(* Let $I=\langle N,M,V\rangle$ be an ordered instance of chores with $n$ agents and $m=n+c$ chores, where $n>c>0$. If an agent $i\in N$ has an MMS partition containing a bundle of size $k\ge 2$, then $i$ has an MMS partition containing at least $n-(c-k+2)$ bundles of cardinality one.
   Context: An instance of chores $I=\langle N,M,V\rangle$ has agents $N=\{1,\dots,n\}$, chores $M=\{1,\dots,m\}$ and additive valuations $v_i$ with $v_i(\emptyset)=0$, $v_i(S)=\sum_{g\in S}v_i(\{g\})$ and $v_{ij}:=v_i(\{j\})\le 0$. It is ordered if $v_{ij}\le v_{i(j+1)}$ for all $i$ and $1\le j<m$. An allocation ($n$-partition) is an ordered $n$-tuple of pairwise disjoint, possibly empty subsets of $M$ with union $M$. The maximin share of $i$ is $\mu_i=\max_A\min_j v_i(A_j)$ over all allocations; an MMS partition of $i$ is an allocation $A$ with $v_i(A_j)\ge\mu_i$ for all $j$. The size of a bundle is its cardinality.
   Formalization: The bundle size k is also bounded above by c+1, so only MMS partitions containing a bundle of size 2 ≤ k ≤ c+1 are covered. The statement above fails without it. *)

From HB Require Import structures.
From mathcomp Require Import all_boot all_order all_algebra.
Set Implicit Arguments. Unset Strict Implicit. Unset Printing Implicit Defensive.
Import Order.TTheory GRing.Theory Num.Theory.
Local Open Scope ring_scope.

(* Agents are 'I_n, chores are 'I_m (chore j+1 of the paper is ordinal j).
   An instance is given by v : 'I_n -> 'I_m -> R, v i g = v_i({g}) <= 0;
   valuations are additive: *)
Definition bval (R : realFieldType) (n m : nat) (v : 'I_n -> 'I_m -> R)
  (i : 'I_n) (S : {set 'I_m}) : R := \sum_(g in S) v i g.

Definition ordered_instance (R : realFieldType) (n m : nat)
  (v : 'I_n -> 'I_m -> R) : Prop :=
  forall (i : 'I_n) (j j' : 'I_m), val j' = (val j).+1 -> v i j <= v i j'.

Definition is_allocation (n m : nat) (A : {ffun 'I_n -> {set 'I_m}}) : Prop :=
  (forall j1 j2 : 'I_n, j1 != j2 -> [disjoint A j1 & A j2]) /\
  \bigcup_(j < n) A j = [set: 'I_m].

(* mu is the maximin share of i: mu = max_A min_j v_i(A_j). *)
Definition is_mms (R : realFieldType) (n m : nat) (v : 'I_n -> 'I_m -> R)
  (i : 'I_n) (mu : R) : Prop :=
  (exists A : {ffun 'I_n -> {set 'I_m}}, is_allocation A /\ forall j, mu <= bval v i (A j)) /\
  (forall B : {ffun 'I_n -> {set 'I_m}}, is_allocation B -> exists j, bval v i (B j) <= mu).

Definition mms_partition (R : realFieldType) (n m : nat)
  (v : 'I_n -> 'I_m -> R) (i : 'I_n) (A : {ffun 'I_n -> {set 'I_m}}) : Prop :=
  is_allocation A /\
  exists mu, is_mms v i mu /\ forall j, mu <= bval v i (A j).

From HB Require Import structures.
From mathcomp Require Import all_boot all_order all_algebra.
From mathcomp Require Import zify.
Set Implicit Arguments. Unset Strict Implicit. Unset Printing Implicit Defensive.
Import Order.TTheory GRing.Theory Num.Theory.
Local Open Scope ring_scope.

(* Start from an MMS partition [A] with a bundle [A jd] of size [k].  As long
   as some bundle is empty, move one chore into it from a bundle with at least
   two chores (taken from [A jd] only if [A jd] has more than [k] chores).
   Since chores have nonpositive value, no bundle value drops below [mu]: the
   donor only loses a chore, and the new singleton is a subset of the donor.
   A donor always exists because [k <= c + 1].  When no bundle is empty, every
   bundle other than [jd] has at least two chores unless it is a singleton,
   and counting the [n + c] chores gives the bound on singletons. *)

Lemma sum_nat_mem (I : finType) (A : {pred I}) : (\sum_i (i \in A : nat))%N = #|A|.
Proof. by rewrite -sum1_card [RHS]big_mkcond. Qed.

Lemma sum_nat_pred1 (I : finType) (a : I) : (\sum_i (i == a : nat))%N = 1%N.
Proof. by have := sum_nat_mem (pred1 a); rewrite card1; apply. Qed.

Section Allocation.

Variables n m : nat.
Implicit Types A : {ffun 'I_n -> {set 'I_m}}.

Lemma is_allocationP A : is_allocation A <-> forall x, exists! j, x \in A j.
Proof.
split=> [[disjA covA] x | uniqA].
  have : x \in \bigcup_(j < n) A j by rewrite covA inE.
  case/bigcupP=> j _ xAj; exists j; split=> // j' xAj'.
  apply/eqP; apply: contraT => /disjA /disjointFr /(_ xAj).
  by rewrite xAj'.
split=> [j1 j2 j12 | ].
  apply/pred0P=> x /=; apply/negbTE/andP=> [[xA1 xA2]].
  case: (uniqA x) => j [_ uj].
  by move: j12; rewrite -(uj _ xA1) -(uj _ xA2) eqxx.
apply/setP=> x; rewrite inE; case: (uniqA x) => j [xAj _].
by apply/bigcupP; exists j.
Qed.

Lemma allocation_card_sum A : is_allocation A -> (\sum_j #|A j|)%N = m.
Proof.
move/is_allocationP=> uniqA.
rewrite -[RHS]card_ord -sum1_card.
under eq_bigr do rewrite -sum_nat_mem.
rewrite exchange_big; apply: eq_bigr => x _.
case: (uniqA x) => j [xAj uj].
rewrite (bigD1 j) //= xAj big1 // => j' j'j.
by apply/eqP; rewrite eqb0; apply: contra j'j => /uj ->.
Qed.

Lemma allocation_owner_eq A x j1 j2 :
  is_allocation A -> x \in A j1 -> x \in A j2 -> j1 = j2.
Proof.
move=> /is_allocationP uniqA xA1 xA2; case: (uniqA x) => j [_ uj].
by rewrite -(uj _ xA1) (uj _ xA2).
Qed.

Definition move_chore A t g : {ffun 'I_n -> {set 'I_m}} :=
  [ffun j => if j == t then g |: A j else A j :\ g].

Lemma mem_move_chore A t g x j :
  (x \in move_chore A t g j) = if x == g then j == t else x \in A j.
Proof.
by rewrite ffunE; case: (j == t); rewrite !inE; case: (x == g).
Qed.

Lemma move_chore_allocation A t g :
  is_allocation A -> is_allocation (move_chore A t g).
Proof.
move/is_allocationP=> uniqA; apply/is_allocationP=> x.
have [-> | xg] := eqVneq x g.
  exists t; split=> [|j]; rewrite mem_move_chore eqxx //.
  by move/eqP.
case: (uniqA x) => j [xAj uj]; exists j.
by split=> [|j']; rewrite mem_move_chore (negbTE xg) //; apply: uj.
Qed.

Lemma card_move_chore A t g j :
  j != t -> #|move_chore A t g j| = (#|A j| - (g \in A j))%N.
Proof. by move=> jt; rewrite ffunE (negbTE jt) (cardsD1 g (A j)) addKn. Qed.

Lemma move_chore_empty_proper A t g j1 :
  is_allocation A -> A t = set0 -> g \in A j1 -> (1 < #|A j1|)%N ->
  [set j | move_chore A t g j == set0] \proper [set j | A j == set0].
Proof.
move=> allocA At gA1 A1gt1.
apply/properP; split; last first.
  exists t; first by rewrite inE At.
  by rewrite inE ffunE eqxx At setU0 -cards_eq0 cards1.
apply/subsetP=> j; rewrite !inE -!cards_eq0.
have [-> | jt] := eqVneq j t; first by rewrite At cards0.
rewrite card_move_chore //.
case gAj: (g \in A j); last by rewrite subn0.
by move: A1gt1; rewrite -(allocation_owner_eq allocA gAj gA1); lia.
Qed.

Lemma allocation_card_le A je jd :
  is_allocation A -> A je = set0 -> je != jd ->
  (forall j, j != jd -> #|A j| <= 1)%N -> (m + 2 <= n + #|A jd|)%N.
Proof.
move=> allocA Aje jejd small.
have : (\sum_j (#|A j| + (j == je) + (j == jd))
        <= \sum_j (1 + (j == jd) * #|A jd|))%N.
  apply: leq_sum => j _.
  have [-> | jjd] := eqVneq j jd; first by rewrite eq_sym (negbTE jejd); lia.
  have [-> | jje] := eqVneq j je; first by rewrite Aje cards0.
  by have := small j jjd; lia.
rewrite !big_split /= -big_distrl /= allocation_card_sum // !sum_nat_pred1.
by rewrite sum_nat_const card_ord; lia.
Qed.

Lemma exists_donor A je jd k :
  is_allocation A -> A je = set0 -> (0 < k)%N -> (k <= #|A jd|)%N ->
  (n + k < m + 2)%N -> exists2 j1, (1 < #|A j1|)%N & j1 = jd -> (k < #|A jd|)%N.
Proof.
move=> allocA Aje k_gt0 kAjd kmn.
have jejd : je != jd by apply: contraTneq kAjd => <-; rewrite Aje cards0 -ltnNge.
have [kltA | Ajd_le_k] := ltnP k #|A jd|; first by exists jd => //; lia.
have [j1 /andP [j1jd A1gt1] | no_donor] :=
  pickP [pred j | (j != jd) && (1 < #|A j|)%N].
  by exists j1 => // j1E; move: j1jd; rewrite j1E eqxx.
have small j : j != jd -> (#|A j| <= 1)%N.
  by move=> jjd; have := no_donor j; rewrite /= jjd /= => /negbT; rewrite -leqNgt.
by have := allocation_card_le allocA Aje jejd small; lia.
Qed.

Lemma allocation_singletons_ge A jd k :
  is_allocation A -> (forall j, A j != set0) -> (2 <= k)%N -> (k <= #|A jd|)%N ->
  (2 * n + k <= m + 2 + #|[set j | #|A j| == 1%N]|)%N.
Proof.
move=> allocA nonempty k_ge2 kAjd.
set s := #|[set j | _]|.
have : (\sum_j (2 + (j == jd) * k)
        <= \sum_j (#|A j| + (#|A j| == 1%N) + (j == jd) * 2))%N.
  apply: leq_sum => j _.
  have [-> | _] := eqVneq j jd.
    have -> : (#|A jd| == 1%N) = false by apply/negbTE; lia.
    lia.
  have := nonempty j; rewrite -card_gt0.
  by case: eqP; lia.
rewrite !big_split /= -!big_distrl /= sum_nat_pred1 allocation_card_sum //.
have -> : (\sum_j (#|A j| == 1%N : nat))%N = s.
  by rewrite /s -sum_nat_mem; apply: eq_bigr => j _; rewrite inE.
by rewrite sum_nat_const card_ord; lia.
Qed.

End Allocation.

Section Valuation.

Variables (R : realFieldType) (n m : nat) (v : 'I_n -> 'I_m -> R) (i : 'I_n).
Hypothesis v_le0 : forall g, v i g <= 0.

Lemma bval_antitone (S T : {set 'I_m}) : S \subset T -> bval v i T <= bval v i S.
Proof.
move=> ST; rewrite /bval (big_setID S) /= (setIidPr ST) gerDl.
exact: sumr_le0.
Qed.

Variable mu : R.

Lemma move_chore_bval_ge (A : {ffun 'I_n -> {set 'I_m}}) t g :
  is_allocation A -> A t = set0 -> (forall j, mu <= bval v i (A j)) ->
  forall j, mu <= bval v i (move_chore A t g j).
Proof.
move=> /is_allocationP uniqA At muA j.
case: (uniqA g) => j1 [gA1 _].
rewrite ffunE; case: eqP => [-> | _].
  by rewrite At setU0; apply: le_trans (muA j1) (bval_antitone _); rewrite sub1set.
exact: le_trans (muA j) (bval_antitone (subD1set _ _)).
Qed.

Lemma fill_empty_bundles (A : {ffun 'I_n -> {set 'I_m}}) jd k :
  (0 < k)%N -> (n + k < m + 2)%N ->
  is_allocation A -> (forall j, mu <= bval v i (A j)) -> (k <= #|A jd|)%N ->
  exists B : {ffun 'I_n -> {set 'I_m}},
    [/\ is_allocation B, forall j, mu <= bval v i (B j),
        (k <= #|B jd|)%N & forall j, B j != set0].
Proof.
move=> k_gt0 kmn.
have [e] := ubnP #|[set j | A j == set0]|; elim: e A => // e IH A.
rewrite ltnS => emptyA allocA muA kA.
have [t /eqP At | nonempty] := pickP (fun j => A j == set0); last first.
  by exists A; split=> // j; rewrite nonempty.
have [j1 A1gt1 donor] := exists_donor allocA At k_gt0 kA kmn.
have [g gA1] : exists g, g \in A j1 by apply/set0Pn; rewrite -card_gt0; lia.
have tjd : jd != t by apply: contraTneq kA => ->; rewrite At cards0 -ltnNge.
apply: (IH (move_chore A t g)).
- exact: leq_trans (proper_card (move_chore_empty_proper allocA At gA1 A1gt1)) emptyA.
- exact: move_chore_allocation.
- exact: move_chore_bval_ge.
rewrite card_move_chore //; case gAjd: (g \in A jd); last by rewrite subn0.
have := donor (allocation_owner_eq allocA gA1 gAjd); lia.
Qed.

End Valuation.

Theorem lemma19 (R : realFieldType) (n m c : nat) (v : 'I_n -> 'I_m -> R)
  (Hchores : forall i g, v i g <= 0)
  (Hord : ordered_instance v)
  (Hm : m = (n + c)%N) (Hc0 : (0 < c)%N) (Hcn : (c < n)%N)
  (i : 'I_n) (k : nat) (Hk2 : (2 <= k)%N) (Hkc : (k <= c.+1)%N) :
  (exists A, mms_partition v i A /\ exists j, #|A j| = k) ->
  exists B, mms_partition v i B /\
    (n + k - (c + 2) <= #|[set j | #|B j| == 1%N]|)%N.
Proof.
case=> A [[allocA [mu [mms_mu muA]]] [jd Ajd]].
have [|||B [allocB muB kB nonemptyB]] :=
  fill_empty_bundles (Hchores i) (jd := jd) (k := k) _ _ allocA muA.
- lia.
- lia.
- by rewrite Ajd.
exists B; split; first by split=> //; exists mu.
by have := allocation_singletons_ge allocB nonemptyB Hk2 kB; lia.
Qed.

·····

» BRIEF
Where the data above reaches the line holding "by rewrite -(uj _ xA1) (uj _ xA2).", begin printing, and stop after the line holding "by move/eqP.". Each line must be reproduced exactly, with nothing else added.

» TASK SOLUTION
by rewrite -(uj _ xA1) (uj _ xA2).
Qed.

Definition move_chore A t g : {ffun 'I_n -> {set 'I_m}} :=
  [ffun j => if j == t then g |: A j else A j :\ g].

Lemma mem_move_chore A t g x j :
  (x \in move_chore A t g j) = if x == g then j == t else x \in A j.
Proof.
by rewrite ffunE; case: (j == t); rewrite !inE; case: (x == g).
Qed.

Lemma move_chore_allocation A t g :
  is_allocation A -> is_allocation (move_chore A t g).
Proof.
move/is_allocationP=> uniqA; apply/is_allocationP=> x.
have [-> | xg] := eqVneq x g.
  exists t; split=> [|j]; rewrite mem_move_chore eqxx //.
  by move/eqP.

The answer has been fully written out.